如果输入格式是原始FASTA文件hs_chr.fa,我们需要将输入更改为-in和-infmt选项,如下所示:

dustmasker -in hs_chr.fa -infmt fasta -parse_seqids \
-outfmt maskinfo_asn1_bin -out hs_chr_dust.asnb

在这里插入图片描述

Create masking information using windowmasker(使用windowmasker创建屏蔽信息)

To generate the masking information using windowmasker from the BLAST database hs_chr, we first need to generate a counts file:

为了从BLAST数据库hs_chr中使用windowmasker生成掩蔽信息,我们首先需要生成一个计数文件:

windowmasker -in hs_chr -infmt blastdb -mk_counts \
-parse_seqids -out hs_chr_mask.counts

在这里插入图片描述

Here we specify the input BLAST database (-in hs_chr -infmt blastdb), request it to generate the counts (-mk_counts) with sequence id parsing (-parse_seqids), and save the output to a file named hs_chr_mask.counts(-out hs_chr_mask.counts).

在这里,我们指定输入BLAST数据库(-in hs_chr-infmt blastdb),请求它使用序列id解析(-parse_seqids)生成计数(-mk_counts),并将输出保存到名为hs_chr_mask.counts-out hs_chr_mask.counts)。

To use the FASTA file hs_chr.fa to generate the counts, we need to change the input file name and format:

为了使用FASTA文件hs_chr.fa要生成计数,我们需要更改输入文件名和格式:

windowmasker -in hs_chr.fa -infmt fasta -mk_counts \
-parse_seqids -out hs_chr_mask.counts

在这里插入图片描述

With the counts file we can then proceed to create the file containing the masking information as follows:

使用计数文件,我们可以继续创建包含掩蔽信息的文件,如下所示:

windowmasker -in hs_chr -infmt blastdb -ustat hs_chr_mask.count \
-outfmt maskinfo_asn1_bin -parse_seqids -out hs_chr_mask.asnb

在这里插入图片描述

Here we need to use the same input (-in hs_chr -infmt blastdb) and the output of step 1 (-ustat
hs_chr_mask.counts). We set the mask file format to binary asn.1 (-outfmt maskinfo_asn1_bin), enable the sequence ids parsing (-parse_seqids), and save the masking data to hs_chr_mask.asnb (-out hs_chr_mask.asnb).

这里我们需要使用相同的输入(-in hs_chr-infmt blastdb)和步骤1的输出(-ustat hs_chr_mask.counts)。我们将掩码文件格式设置为二进制asn.1-outfmt maskinfo_asn1_bin),启用序列ID解析(-parse_seqids),并将屏蔽数据保存到hs_chr_mask.asnb-out hs_chr_mask.asnb)。

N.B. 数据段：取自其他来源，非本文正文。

(* Let $T:l_\infty\to l_\infty$ be a continuous positive linear map with adjoint $T^*$. Suppose (i) for every sequence $(A_n)$ of subsets of $\mathbb N$ with $(A_n)\downarrow\emptyset$, $T(\mathbb I_{A_n})$ converges to $0$ coordinatewise; and (ii) for every $n\in\mathbb N$ there is a finite set $E_n\subseteq\mathbb N$ containing the support of $T(\mathbb I_{\{n\}})$. Then $T^*$ is a Yosida–Hewitt transformation, i.e. $T^*(\mu)\in ca(\mathbb N)$ for every $\mu\in ca(\mathbb N)$ and $T^*(\mu)\in pa(\mathbb N)$ for every $\mu\in pa(\mathbb N)$.
   Context: $l_\infty$: real bounded sequences indexed by $\mathbb N$. $\mathbb I_A$ is the indicator sequence of $A\subseteq\mathbb N$. $(A_n)\downarrow\emptyset$ means $A_n\supseteq A_{n+1}$ and $\bigcap_nA_n=\emptyset$. $ba(\mathbb N)$: norm dual of $l_\infty$ (bounded finitely additive signed measures on $2^{\mathbb N}$), pairing $\langle x,\mu\rangle$. The adjoint $T^*$ satisfies $\langle x,T^*(\mu)\rangle=\langle T(x),\mu\rangle$. $ca(\mathbb N)$ is the set of countably additive elements of $ba(\mathbb N)$; $pa(\mathbb N)$ is the set of purely finitely additive elements, i.e. $\mu$ with $\mu(\{n\})=0$ for every $n\in\mathbb N$. *)

From Stdlib Require Export Reals List.
Open Scope R_scope.

(* Real sequences indexed by N; l_infty = the bounded ones. *)
Definition seqR := nat -> R.
Definition bounded (x : seqR) : Prop := exists M, forall n, Rabs (x n) <= M.

Definition subset_N := nat -> bool.
Definition indic (A : subset_N) : seqR := fun n => if A n then 1 else 0.
Definition singleton (k : nat) : subset_N := fun m => Nat.eqb m k.

Definition linf_continuous (T : seqR -> seqR) : Prop :=
  forall x, bounded x -> forall eps, 0 < eps -> exists delta, 0 < delta /\
    forall y, bounded y -> (forall n, Rabs (x n - y n) <= delta) ->
      forall n, Rabs (T x n - T y n) <= eps.

Definition linf_linear (T : seqR -> seqR) : Prop :=
  forall x y a b, bounded x -> bounded y ->
    forall n, T (fun k => a * x k + b * y k) n = a * T x n + b * T y n.

Definition linf_positive (T : seqR -> seqR) : Prop :=
  forall x, bounded x -> (forall n, 0 <= x n) -> forall n, 0 <= T x n.

Definition cont_pos_linear_op (T : seqR -> seqR) : Prop :=
  (forall x, bounded x -> bounded (T x)) /\ linf_linear T /\
  linf_continuous T /\ linf_positive T.

Definition linf_dual (phi : seqR -> R) : Prop :=
  (forall x y a b, bounded x -> bounded y ->
     phi (fun k => a * x k + b * y k) = a * phi x + b * phi y) /\
  (forall x, bounded x -> forall eps, 0 < eps -> exists delta, 0 < delta /\
     forall y, bounded y -> (forall n, Rabs (x n - y n) <= delta) ->
       Rabs (phi x - phi y) <= eps).

(* The identification l_infty^* = ba(N): phi corresponds to the bounded finitely
   additive measure A |-> <I_A, phi> = phi (I_A). *)
Definition ba_of (phi : seqR -> R) : subset_N -> R := fun A => phi (indic A).

Definition adjoint (T : seqR -> seqR) (phi : seqR -> R) : seqR -> R :=
  fun x => phi (T x).

Definition is_ca (mu : subset_N -> R) : Prop :=
  forall (A : nat -> subset_N) (B : subset_N),
    (forall i j n, i <> j -> A i n = true -> A j n = false) ->
    (forall n, B n = true <-> exists k, A k n = true) ->
    infinite_sum (fun k => mu (A k)) (mu B).

Definition is_pa (mu : subset_N -> R) : Prop :=
  forall n, mu (singleton n) = 0.

Definition yosida_hewitt (S : (seqR -> R) -> (seqR -> R)) : Prop :=
  (forall phi, linf_dual phi -> is_ca (ba_of phi) -> is_ca (ba_of (S phi))) /\
  (forall phi, linf_dual phi -> is_pa (ba_of phi) -> is_pa (ba_of (S phi))).

Definition decr_to_empty (A : nat -> subset_N) : Prop :=
  (forall n m, A (S n) m = true -> A n m = true) /\
  (forall m, exists n, A n m = false).

From Stdlib Require Import Reals Lra Lia FunctionalExtensionality Bool.
Open Scope R_scope.

(* Write nu A = phi (T I_A) for nu = T^* phi.  Countable additivity of nu amounts to
   nu (C n) -> 0 whenever C n decreases to the empty set.  By (i) and positivity, the
   sequences T I_(C n) tend to 0 pointwise and are dominated by T I_(C 0), so what is needed
   is dominated convergence for a countably additive phi: cut at K; the head is a finite
   sum over point masses, and the tail is at most M times the variation of phi on [K, oo),
   which tends to 0.  The tail estimate comes from the Hahn decomposition of phi by the sign
   of its point masses together with a uniform staircase approximation and the continuity
   of phi.  For pure finite additivity, (ii) makes T I_{n} finitely supported, so
   phi (T I_{n}) is a finite combination of the point masses of phi, all of which vanish. *)

Lemma congr_pointwise {A B : Type} (f : (nat -> A) -> B) (x y : nat -> A) :
  (forall k, x k = y k) -> f x = f y.
Proof. intros H; f_equal; apply functional_extensionality; exact H. Qed.

Lemma bounded_of_range (x : seqR) (M : R) : (forall n : nat, 0 <= x n <= M) -> bounded x.
Proof. intros H; exists M; intros n; specialize (H n); rewrite Rabs_pos_eq; lra. Qed.

Lemma bounded_indic (A : subset_N) : bounded (indic A).
Proof. apply (bounded_of_range _ 1); intros n; unfold indic; destruct (A n); lra. Qed.

Lemma bounded_add (x y : seqR) : bounded x -> bounded y -> bounded (fun k => x k + y k).
Proof.
  intros [M1 H1] [M2 H2]; exists (M1 + M2); intros n.
  pose proof (Rabs_triang (x n) (y n)); specialize (H1 n); specialize (H2 n); lra.
Qed.

Lemma bounded_scal (x : seqR) (a : R) : bounded x -> bounded (fun k => a * x k).
Proof.
  intros [M H]; exists (Rabs a * M); intros n; rewrite Rabs_mult.
  apply Rmult_le_compat_l; auto using Rabs_pos.
Qed.

Fixpoint sum_below (f : nat -> R) (K : nat) : R :=
  match K with O => 0 | S K => sum_below f K + f K end.

Lemma bounded_sum_below (f : nat -> seqR) (J : nat) :
  (forall j, bounded (f j)) -> bounded (fun m => sum_below (fun j => f j m) J).
Proof.
  intros Hf; induction J as [|J IH]; simpl.
  - apply (bounded_of_range _ 0); intros; lra.
  - apply bounded_add; auto.
Qed.

Lemma sum_below_abs_le (f : nat -> R) (J : nat) (B : R) :
  (forall j, Rabs (f j) <= B) -> Rabs (sum_below f J) <= INR J * B.
Proof.
  intros Hf; induction J as [|J IH]; simpl sum_below.
  - rewrite Rabs_R0; simpl; lra.
  - rewrite S_INR; pose proof (Rabs_triang (sum_below f J) (f J)); specialize (Hf J); lra.
Qed.

Lemma cv_const (c : R) : Un_cv (fun _ => c) c.
Proof.
  intros eps Heps; exists O; intros; unfold R_dist; rewrite Rminus_diag, Rabs_R0; exact Heps.
Qed.

Lemma sum_below_cv (f : nat -> nat -> R) (K : nat) :
  (forall k, Un_cv (fun N => f N k) 0) -> Un_cv (fun N => sum_below (f N) K) 0.
Proof.
  intros H; induction K as [|K IH]; simpl.
  - apply cv_const.
  - rewrite <- (Rplus_0_r 0); apply CV_plus; auto.
Qed.

Definition additive (nu : subset_N -> R) : Prop :=
  forall D1 D2 : subset_N, (forall n, D1 n = true -> D2 n = false) ->
    nu (fun n => D1 n || D2 n) = nu D1 + nu D2.

Section DualElement.
Variable phi : seqR -> R.
Hypothesis Hphi : linf_dual phi.

Lemma phi_add (x y : seqR) :
  bounded x -> bounded y -> phi (fun k => x k + y k) = phi x + phi y.
Proof.
  intros bx by_; destruct Hphi as [Hlin _].
  rewrite <- (Rmult_1_l (phi x)), <- (Rmult_1_l (phi y)), <- Hlin by assumption.
  apply (congr_pointwise phi); intros; ring.
Qed.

To use the FASTA file hs_chr.fa, we change the input file name and file type:

以使用FASTA文件hs_chr.fa,我们更改输入文件名和文件类型:

windowmasker -in hs_chr.fa -infmt fasta -ustat hs_chr.counts \
-outfmt maskinfo_asn1_bin -parse_seqids -out hs_chr_mask.asnb

在这里插入图片描述

Create masking information using segmasker(使用segmasker创建掩蔽信息)

We can generate the masking information with segmasker using a single command line:

我们可以使用单个命令行使用segmasker生成掩蔽信息:

segmasker -in refseq_protein -infmt blastdb -parse_seqids \
-outfmt maskinfo_asn1_bin -out refseq_seg.asnb

在这里插入图片描述

Here we specify the refseq_protein BLAST database (-in refseq_protein -infmt blastdb), enable sequence ids parsing (-parse_seqids), request the mask data in binary asn.1 format (-outfmt maskinfo_asn1_bin), and name the out file as refseq_seg.asnb (-out refseq_seg.asnb).

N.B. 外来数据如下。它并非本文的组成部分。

(* Let $\mathcal{H}$ be a family of simple $r$-uniform hypergraphs and let $G$ be an $r$-uniform multihypergraph in which every edge has the same multiplicity. Then there exists a simple $r$-uniform hypergraph $G'$ with $e(G')=e(G)$ and $\operatorname{ex}(G',\mathcal{H})\leq\operatorname{ex}(G,\mathcal{H})$.
   Context: $e(\cdot)$ counts edges with multiplicity. For an $r$-uniform (multi)hypergraph $G$, $\operatorname{ex}(G,\mathcal{H})$ is the maximum number of edges (with multiplicity) of a sub-multihypergraph of $G$ (sub-multiset of its edges) that contains no member of $\mathcal{H}$ as a subgraph. *)

From mathcomp Require Import all_boot.
From mathcomp Require Import boolp.
Set Implicit Arguments. Unset Strict Implicit. Unset Printing Implicit Defensive.

(* An r-uniform multihypergraph on a finite vertex type V is given by its
   multiplicity function: mult A = number of copies of the edge A. *)
Definition multihypergraph (V : finType) := {ffun {set V} -> nat}.

Definition uniform (V : finType) (r : nat) (G : multihypergraph V) : Prop :=
  forall A : {set V}, 0 < G A -> #|A| = r.

Definition simple_mhg (V : finType) (G : multihypergraph V) : Prop :=
  forall A : {set V}, G A <= 1.

Definition nedges (V : finType) (G : multihypergraph V) : nat :=
  \sum_(A : {set V}) G A.

Definition uniform_simple (W : finType) (r : nat) (E : {set {set W}}) : Prop :=
  forall e, e \in E -> #|e| = r.

Definition contains (V W : finType) (F : multihypergraph V) (E : {set {set W}})
  : Prop :=
  exists phi : W -> V, injective phi /\ forall e, e \in E -> 0 < F (phi @: e).

Definition hfamily := forall W : finType, {set {set W}} -> Prop.

Definition Hfree (V : finType) (Hs : hfamily) (F : multihypergraph V) : Prop :=
  forall (W : finType) (E : {set {set W}}), Hs W E -> ~ contains F E.

(* Multiplicities of F are
   bounded by e(G), so F ranges over a finite type. *)
Definition ex (V : finType) (G : multihypergraph V) (Hs : hfamily) : nat :=
  \max_(F : {ffun {set V} -> 'I_(nedges G).+1} |
          `[< (forall A, (F A : nat) <= G A) /\
              Hfree Hs [ffun A => (F A : nat)] >])
     \sum_(A : {set V}) (F A : nat).

From mathcomp Require Import all_boot.
From mathcomp Require Import boolp.

Set Implicit Arguments. Unset Strict Implicit. Unset Printing Implicit Defensive.

(* If every edge of G has multiplicity m, replace G by m vertex-disjoint copies
   of its (simple) support.  An H-free subgraph of the copies splits into its m
   layers; taking any layer with all multiplicities raised to m gives an H-free
   subgraph of G with m times the edges of that layer.  Hence every layer has at
   most ex(G)/m edges, and the m layers together at most ex(G). *)

Definition support (V : finType) (G : multihypergraph V) : {set {set V}} :=
  [set A | 0 < G A].

Lemma nedges_indicator (V : finType) (E : {set {set V}}) :
  nedges [ffun B => nat_of_bool (B \in E)] = #|E|.
Proof.
rewrite /nedges (bigID (mem E)) /= [X in _ + X]big1 => [|B /negbTE]; last first.
  by rewrite ffunE => ->.
by rewrite addn0 -sum1_card; apply: eq_bigr => B BE; rewrite ffunE BE.
Qed.

Lemma nedges_const (V : finType) (G : multihypergraph V) (m : nat) :
  (forall A, 0 < G A -> G A = m) -> nedges G = #|support G| * m.
Proof.
move=> Gm; rewrite /nedges (bigID (mem (support G))) /= [X in _ + X]big1.
  by rewrite addn0 -sum_nat_const; apply: eq_bigr => A; rewrite inE => /Gm.
by move=> A; rewrite inE lt0n negbK => /eqP.
Qed.

Lemma contains_inj_map (V U W : finType) (f : V -> U) (F1 : multihypergraph V)
    (F2 : multihypergraph U) (E : {set {set W}}) :
  injective f -> (forall A, 0 < F1 A -> 0 < F2 (f @: A)) ->
  contains F1 E -> contains F2 E.
Proof.
move=> f_inj F12 [phi [phi_inj phiE]]; exists (f \o phi); split.
  exact: inj_comp.
by move=> e eE; rewrite imset_comp; apply/F12/phiE.
Qed.

Lemma Hfree_inj_map (V U : finType) (Hs : hfamily) (f : V -> U)
    (F1 : multihypergraph V) (F2 : multihypergraph U) :
  injective f -> (forall A, 0 < F1 A -> 0 < F2 (f @: A)) ->
  Hfree Hs F2 -> Hfree Hs F1.
Proof.
move=> f_inj F12 F2free W E HE F1E.
exact: F2free HE (contains_inj_map f_inj F12 F1E).
Qed.

Section Extremal.

Variables (V : finType) (Hs : hfamily) (G : multihypergraph V).

Lemma nedges_le_ex (F : multihypergraph V) :
  (forall A, F A <= G A) -> Hfree Hs F -> nedges F <= ex G Hs.
Proof.
move=> FG Ffree.
have F_small A : F A < (nedges G).+1.
  by rewrite ltnS (leq_trans (FG A)) // /nedges (bigD1 A) //= leq_addr.
pose F' : {ffun {set V} -> 'I_(nedges G).+1} := [ffun A => Ordinal (F_small A)].
have F'F : [ffun A => (F' A : nat)] = F by apply/ffunP => A; rewrite !ffunE.
have -> : nedges F = \sum_A (F' A : nat).
  by rewrite /nedges; apply: eq_bigr => A _; rewrite ffunE.
apply: (leq_bigmax_cond F'); apply/asboolP; rewrite F'F; split=> // A.
by rewrite ffunE; apply: FG.
Qed.

Lemma ex_le_of_bound (n : nat) :
  (forall F : multihypergraph V,
      (forall A, F A <= G A) -> Hfree Hs F -> nedges F <= n) ->
  ex G Hs <= n.
Proof.
move=> bound; apply/bigmax_leqP => F /asboolP [FG Ffree].
have <- : nedges [ffun A => (F A : nat)] = \sum_A (F A : nat).
  by apply: eq_bigr => A _; rewrite ffunE.
by apply: bound Ffree => A; rewrite ffunE.
Qed.

End Extremal.

Lemma sum_ord_le_of_mul_le (m n : nat) (g : 'I_m -> nat) :
  (forall i, m * g i <= n) -> \sum_(i < m) g i <= n.
Proof.
case: m g => [|m] g gn; first by rewrite big_ord0.
have gdiv i : g i <= n %/ m.+1 by rewrite leq_divRL // mulnC gn.
apply: leq_trans (leq_divM n m.+1).
rewrite mulnC -[X in X * _]card_ord -sum_nat_const.
exact: leq_sum.
Qed.

Section Copies.

Variables (V : finType) (m : nat).

Definition layer (i : 'I_m) (A : {set V}) : {set V * 'I_m} := pair^~ i @: A.

Lemma pair_inj (i : 'I_m) : injective (pair^~ i : V -> V * 'I_m).
Proof. by move=> a b [->]. Qed.

Lemma mem_layer (i : 'I_m) (A : {set V}) (v : V) :
  ((v, i) \in layer i A) = (v \in A).
Proof. exact/mem_imset/pair_inj. Qed.

Lemma card_layer (i : 'I_m) (A : {set V}) : #|layer i A| = #|A|.
Proof. exact/card_imset/pair_inj. Qed.

Lemma layer_inj (i j : 'I_m) (A B : {set V}) :
  A != set0 -> layer i A = layer j B -> (i, A) = (j, B).
Proof.
move=> /set0Pn [v vA] AB.
have /imsetP [w _ [_ ij]] : (v, i) \in layer j B by rewrite -AB mem_layer.
subst j.
by congr pair; apply/setP => x; rewrite -!(mem_layer i) AB.
Qed.

Variable S : {set {set V}}.

Definition layers : {set {set V * 'I_m}} :=
  [set layer p.1 p.2 | p in setX [set: 'I_m] S].

Definition copies : multihypergraph (V * 'I_m)%type :=
  [ffun B => nat_of_bool (B \in layers)].

Lemma simple_copies : simple_mhg copies.
Proof. by move=> B; rewrite ffunE leq_b1. Qed.

Lemma uniform_copies (r : nat) : uniform_simple r S -> uniform r copies.
Proof.
move=> Sr B; rewrite ffunE lt0b => /imsetP [[i A]].
by rewrite in_setX /= => /andP [_ /Sr <-] ->; rewrite card_layer.
Qed.

Hypothesis S_nonempty : set0 \notin S.

Lemma layers_inj : {in setX [set: 'I_m] S &, injective (fun p => layer p.1 p.2)}.
Proof.
move=> [i A] [j B]; rewrite in_setX => /andP [_ AS] _.
by apply: layer_inj; apply: contraNneq S_nonempty => <-.
Qed.

Lemma nedges_copies : nedges copies = m * #|S|.
Proof.
rewrite nedges_indicator card_in_imset ?cardsX ?cardsT ?card_ord //.
exact: layers_inj.
Qed.

Lemma nedges_sub_copies (F : multihypergraph (V * 'I_m)%type) :
  (forall B, F B <= copies B) ->
  nedges F = \sum_(i < m) \sum_(A in S) F (layer i A).
Proof.
move=> Fcopies; rewrite /nedges (bigID (mem layers)) /= [X in _ + X]big1.
  rewrite addn0 (big_imset _ layers_inj) pair_big_dep /=.
  by apply: eq_bigl => -[i A]; rewrite in_setX inE.
move=> B Bout; apply/eqP; rewrite -leqn0.
by rewrite (leq_trans (Fcopies B)) // ffunE (negbTE Bout).
Qed.

End Copies.

Lemma ex_copies_support (V : finType) (Hs : hfamily) (G : multihypergraph V)
    (m : nat) :
  (forall A, 0 < G A -> G A = m) -> set0 \notin support G ->
  ex (copies m (support G)) Hs <= ex G Hs.
Proof.
move=> Gm support_nonempty; apply: ex_le_of_bound => F Fcopies Ffree.
rewrite (nedges_sub_copies support_nonempty Fcopies); apply: sum_ord_le_of_mul_le => i.
have F_le1 A : F (layer i A) <= 1.
  by apply: leq_trans (Fcopies _) _; rewrite ffunE leq_b1.
pose Fi : multihypergraph V := [ffun A => G A * F (layer i A)].
have -> : m * \sum_(A in support G) F (layer i A) = nedges Fi.
  rewrite big_distrr /nedges [RHS](bigID (mem (support G))) /= [X in _ = _ + X]big1.
    by rewrite addn0; apply: eq_bigr => A; rewrite inE ffunE => /Gm ->.
  by move=> A; rewrite inE ffunE lt0n negbK => /eqP ->.
apply: nedges_le_ex => [A|].
  by rewrite ffunE -[leqRHS]muln1 leq_mul2l F_le1 orbT.
apply: Hfree_inj_map (pair_inj (i := i)) _ Ffree => A.
by rewrite ffunE muln_gt0 => /andP [].
Qed.

Theorem proposition2p9 (r : nat) (hr : 0 < r) (Hs : hfamily)
  (hHs : forall (W : finType) (E : {set {set W}}), Hs W E -> uniform_simple r E)
  (V : finType) (G : multihypergraph V) (hG : uniform r G)
  (hmult : exists m : nat, forall A : {set V}, 0 < G A -> G A = m) :
  exists (V' : finType) (G' : multihypergraph V'),
    [/\ uniform r G', simple_mhg G', nedges G' = nedges G
      & ex G' Hs <= ex G Hs].
Proof.
have [m Gm] := hmult.
have support_r : uniform_simple r (support G) by move=> A; rewrite inE => /hG.
have support_nonempty : set0 \notin support G.
  by apply/negP => /support_r; rewrite cards0 => r0; move: hr; rewrite -r0.
exists (V * 'I_m)%type, (copies m (support G)); split.
- exact: uniform_copies.
- exact: simple_copies.
- by rewrite nedges_copies // (nedges_const Gm) mulnC.
- exact: ex_copies_support.
Qed.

这里我们指定refseq_protein BLAST数据库(-in refseq-protein-infmt blastdb),启用序列ID解析(-parse_seqids),请求二进制asn.1 format中的掩码数据(-outfmt maskinfo_asn1_bin),并将输出文件命名为refseq_seg.asnb-out refseq_seg.asnb)。

If the input format is the FASTA file, we need to change the command line to specify the input format:

如果输入格式是FASTA文件,我们需要更改命令行以指定输入格式:

segmasker -in refseq_protein.fa -infmt fasta -parse_seqids \
-outfmt maskinfo_asn1_bin -out refseq_seg.asnb

在这里插入图片描述

Extract masking information from FASTA sequences with lowercase masking(用小写掩码从FASTA序列中提取掩码信息)

We can also extract the masking information from a FASTA sequence file with lowercase masking (generated by various means) using convert2blastmask utility. An example command line follows:

我们还可以使用convert2blastmask实用程序从带有小写掩码(通过各种方式生成)的FASTA序列文件中提取掩码信息。命令行示例如下:

convert2blastmask -in hs_chr.mfa -parse_seqids -masking_algorithm repeat \
-masking_options "repeatmasker, default" -outfmt maskinfo_asn1_bin \
-out hs_chr_mfa.asnb

在这里插入图片描述

Here the input is hs_chr.mfa (-in hs_chr.mfa), enable parsing of sequence ids, specify the masking algorithm name (-masking_algorithm repeat) and its parameter (-masking_options “repeatmasker, default”), and ask for asn.1 output (-outfmt maskinfo_asn1_bin) to be saved in specified file (-out hs_chr_mfa.asnb).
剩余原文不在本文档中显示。